In this study, the activities of AI were intraoperative instruction of landmarks, and the expected effect was to prompt identification of LM-S4 and LM-RS that were necessary to recognize the LM-EHBD and LM-CD, leading to safer first serosal incision before Calot’s triangle dissection. AI increased awareness in 27% of cases; of these, 70% contemplated safe changes. However, of the 27% of annotation changes, 30% were not contemplated to affect the first serosal incision. These changes were primarily reported in EHBD width or duodenal extension and were not contemplated to affect the first serosal incision. Contemplating that the beginning point of the serosal incision is determined dependent on the association between EHBD, S4, and RS, the changes in CD did not have important meaning. Therefore, it was thought that the effect of identifying the CD clearly would avoid damage to the CD itself and would be significant for safe surgery. Only one beginner (2.3%) revealed that the gallbladder line of EHBD slightly moved to the opposite side of the gallbladder and was considered a critical change. The reason for this change was unclear, but it was thought necessary to increase the number of subjects and re-investigate.
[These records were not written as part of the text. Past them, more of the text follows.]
(* Let $n\geq 3$ and let $A$ be an $F_n$-good $n\times n$ matrix. If row $i$ of $A$ has two entries equal to $1$, in columns $j$ and $k$ with $j<k$, then $k=j+2$ and $i\in\{1,n\}$.
   Context: $F_n$ is the set of vectors $\vec{x}=(x_1,\ldots,x_n)\in\mathbb{Z}_2^n$ with no $i$ such that $x_i=x_{i+1}=1$. An $n\times n$ matrix $A$ over $\mathbb{Z}_2$ is $F_n$-good if it is invertible and $A\vec{x}\in F_n$ for all $\vec{x}\in F_n$. *)

From mathcomp Require Import all_boot all_algebra.
Set Implicit Arguments. Unset Strict Implicit. Unset Printing Implicit Defensive.
Import GRing.Theory.
Local Open Scope ring_scope.

(* Vectors in Z_2^n are column vectors 'cV['F_2]_n, indices 0-based:
   coordinate x_{i+1} of the paper is x i 0. *)

Definition in_Fn (n : nat) (x : 'cV['F_2]_n) : Prop :=
  forall i j : 'I_n, (j : nat) = i.+1 -> ~ (x i 0 = 1 /\ x j 0 = 1).

Definition Fn_good (n : nat) (A : 'M['F_2]_n) : Prop :=
  A \in unitmx /\ forall x : 'cV['F_2]_n, in_Fn x -> in_Fn (A *m x).

(** Test [A] on the vectors [e_a] and [e_a + e_b] (with [a], [b] not adjacent),
    which lie in [F_n]: two adjacent rows of [A] have disjoint supports, and
    every 1 of one of them is adjacent to every 1 of the other.  A row with 1s
    in columns [j < k] therefore forces every neighbouring row, which is nonzero
    since [A] is invertible, to be supported in column [j + 1] alone, at
    distance 1 from both, so [k = j + 2].  An interior row would have two such
    neighbours, i.e. two equal rows, contradicting invertibility. *)

From mathcomp Require Import all_boot all_algebra.
From mathcomp Require Import zify.
Set Implicit Arguments. Unset Strict Implicit. Unset Printing Implicit Defensive.
Import GRing.Theory.
Local Open Scope ring_scope.

Lemma F2_neq0 (x : 'F_2) : x != 0 -> x = 1.
Proof. by case: x => [[|[|m]] //= Hm] _; apply/val_inj. Qed.

Definition adjacent (n : nat) (p q : 'I_n) : bool := (p.+1 == q) || (q.+1 == p).

Lemma adjacentC (n : nat) (p q : 'I_n) : adjacent p q = adjacent q p.
Proof. by rewrite /adjacent orbC. Qed.

Lemma exists_adjacent (n : nat) (p : 'I_n) : (1 < n)%N -> exists q : 'I_n, adjacent p q.
Proof.
move=> n_gt1; case: (ltnP p.+1 n) => [lt_p1n | le_np1].
  by exists (Ordinal lt_p1n); rewrite /adjacent eqxx.
have lt_p'n : (p.-1 < n)%N by have := ltn_ord p; lia.
by exists (Ordinal lt_p'n); rewrite /adjacent /=; apply/orP; right; apply/eqP; lia.
Qed.

Lemma in_Fn_adjacent (n : nat) (x : 'cV['F_2]_n) :
  in_Fn x <-> forall p q : 'I_n, adjacent p q -> ~ (x p 0 = 1 /\ x q 0 = 1).
Proof.
split=> Fx p q adj_pq; last by apply: Fx; rewrite /adjacent adj_pq eqxx.
case/orP: adj_pq => /eqP adj_pq; first exact: Fx p q (esym adj_pq).
by move=> [xp xq]; apply: (Fx q p (esym adj_pq)).
Qed.

Lemma delta_in_Fn (n : nat) (a : 'I_n) : in_Fn (delta_mx a 0 : 'cV['F_2]_n).
Proof.
move=> p q adj_pq; rewrite !mxE !andbT.
have one_at (l : 'I_n) : (l == a)%:R = 1 :> 'F_2 -> l = a by case: eqP.
by move=> [/one_at pa /one_at qa]; move: adj_pq; rewrite pa qa; lia.
Qed.

Lemma delta_add_in_Fn (n : nat) (a b : 'I_n) :
  ~~ adjacent a b -> in_Fn (delta_mx a 0 + delta_mx b 0 : 'cV['F_2]_n).
Proof.
move=> nadj_ab p q adj_pq; rewrite !mxE !andbT.
have one_at (l : 'I_n) : (l == a)%:R + (l == b)%:R = 1 :> 'F_2 -> (l == a) || (l == b).
  by case: (l == a); case: (l == b).
move=> [/one_at/orP[]/eqP pa /one_at/orP[]/eqP qa];
  by move: adj_pq nadj_ab; rewrite pa qa /adjacent; lia.
Qed.

Section FnPreserving.

Variables (n : nat) (A : 'M['F_2]_n).
Hypothesis A_Fn : forall x : 'cV['F_2]_n, in_Fn x -> in_Fn (A *m x).

Lemma adjacent_rows_disjoint (p q a : 'I_n) :
  adjacent p q -> A p a = 1 -> A q a = 0.
Proof.
move=> adj_pq Apa; have [// | /F2_neq0 Aqa] := eqVneq (A q a) 0.
have /in_Fn_adjacent/(_ p q adj_pq) := A_Fn (@delta_in_Fn n a).
by rewrite -colE !mxE => /(_ (conj Apa Aqa)).
Qed.

Lemma adjacent_rows_ones_adjacent (p q a b : 'I_n) :
  adjacent p q -> A p a = 1 -> A q b = 1 -> adjacent a b.
Proof.
move=> adj_pq Apa Aqb; apply: contraT => nadj_ab.
have Aqa := adjacent_rows_disjoint adj_pq Apa.
have Apb := adjacent_rows_disjoint (etrans (adjacentC q p) adj_pq) Aqb.
have /in_Fn_adjacent/(_ p q adj_pq) := A_Fn (delta_add_in_Fn nadj_ab).
by rewrite mulmxDr -!colE !mxE Apa Aqb Aqa Apb addr0 add0r => /(_ (conj erefl erefl)).
Qed.

Lemma adjacent_row_of_two_ones (i q j k l : 'I_n) :
  adjacent i q -> (j < k)%N -> A i j = 1 -> A i k = 1 -> A q l = 1 ->
  (k : nat) = (j + 2)%N /\ (l : nat) = j.+1.
Proof.
move=> adj_iq lt_jk Aij Aik Aql.
have := adjacent_rows_ones_adjacent adj_iq Aij Aql.
have := adjacent_rows_ones_adjacent adj_iq Aik Aql.
rewrite /adjacent; lia.
Qed.

End FnPreserving.

Lemma unitmx_row_neq0 (R : comUnitRingType) (n : nat) (A : 'M[R]_n) (p : 'I_n) :
  A \in unitmx -> exists l, A p l != 0.
Proof.
move=> A_unit; apply/existsP; apply: contraLR A_unit; rewrite negb_exists => /forallP A_p0.
rewrite unitmxE (expand_det_row _ p) big1 ?unitr0 // => l _.
by rewrite (eqP (negPn (A_p0 l))) mul0r.
Qed.

Lemma adjacent_row_eq_delta (n : nat) (A : 'M['F_2]_n) (i q j k : 'I_n) :
  Fn_good A -> adjacent i q -> (j < k)%N -> A i j = 1 -> A i k = 1 ->
  forall l, A q l = (l == j.+1 :> nat)%:R.
Proof.
move=> [A_unit A_Fn] adj_iq lt_jk Aij Aik l.
have [l0 /F2_neq0 Aql0] := unitmx_row_neq0 q A_unit.
have [_ l0_eq] := adjacent_row_of_two_ones A_Fn adj_iq lt_jk Aij Aik Aql0.
have [l_eq | l_neq] := eqVneq (l : nat) j.+1.
  by rewrite (_ : l = l0) //; apply/val_inj; rewrite /= l_eq l0_eq.
have [// | /F2_neq0 Aql] := eqVneq (A q l) 0.
by case/eqP: l_neq; exact: (adjacent_row_of_two_ones A_Fn adj_iq lt_jk Aij Aik Aql).2.
Qed.

Theorem lemma2 (n : nat) (A : 'M['F_2]_n) (i j k : 'I_n) :
  (3 <= n)%N -> Fn_good A ->
  (j < k)%N -> A i j = 1 -> A i k = 1 ->
  (k : nat) = (j + 2)%N /\ ((i : nat) = 0%N \/ (i : nat) = n.-1).
Proof.
move=> n_ge3 A_good lt_jk Aij Aik.
split.
  have [q adj_iq] := exists_adjacent i (ltnW n_ge3).
  have [l /F2_neq0 Aql] := unitmx_row_neq0 q A_good.1.
  exact: (adjacent_row_of_two_ones A_good.2 adj_iq lt_jk Aij Aik Aql).1.
have [-> | i_neq0] := eqVneq (i : nat) 0%N; first by left.
have [-> | i_neq_last] := eqVneq (i : nat) n.-1; first by right.
have lt_i1n : (i.+1 < n)%N by have := ltn_ord i; lia.
have lt_i'n : (i.-1 < n)%N by have := ltn_ord i; lia.
have adj_next : adjacent i (Ordinal lt_i1n) by rewrite /adjacent eqxx.
have adj_prev : adjacent i (Ordinal lt_i'n) by rewrite /adjacent /=; lia.
have := A_good.1; rewrite unitmxE.
rewrite (determinant_alternate (i1 := Ordinal lt_i1n) (i2 := Ordinal lt_i'n)) ?unitr0 //.
- by apply/eqP => /(congr1 val) /=; lia.
- move=> l; rewrite (adjacent_row_eq_delta A_good adj_next lt_jk Aij Aik).
  by rewrite (adjacent_row_eq_delta A_good adj_prev lt_jk Aij Aik).
Qed.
This research had many limitations. First, small sample size and investigators. Second, an investigation method for BDI prevention by AI has not been founded. The original use of this AI system was to support interactive recognition of landmarks, but as Pharmaceutical Affairs has not yet approved this system, it is impossible to demonstrate the effects of such usage. Therefore, to evaluate how AI teaching information affects landmarks identified, we could not exceed this stage as a methodology. In this study, however, we implemented the protocol and affirmed the effect of increasing awareness of the LM-S4 and LM-RS when identifying the LM-EHBD and LM-CD by viewing the AI.

In this study, AI provided important awareness for both beginners and experts, prompting them to recognize anatomical landmarks related to reducing BDI. AI was effective in determining a safe serosal incision in this research, and this system may be effective in avoiding BDI. Further research is necessary to clarify that AI systems could avoid BDI.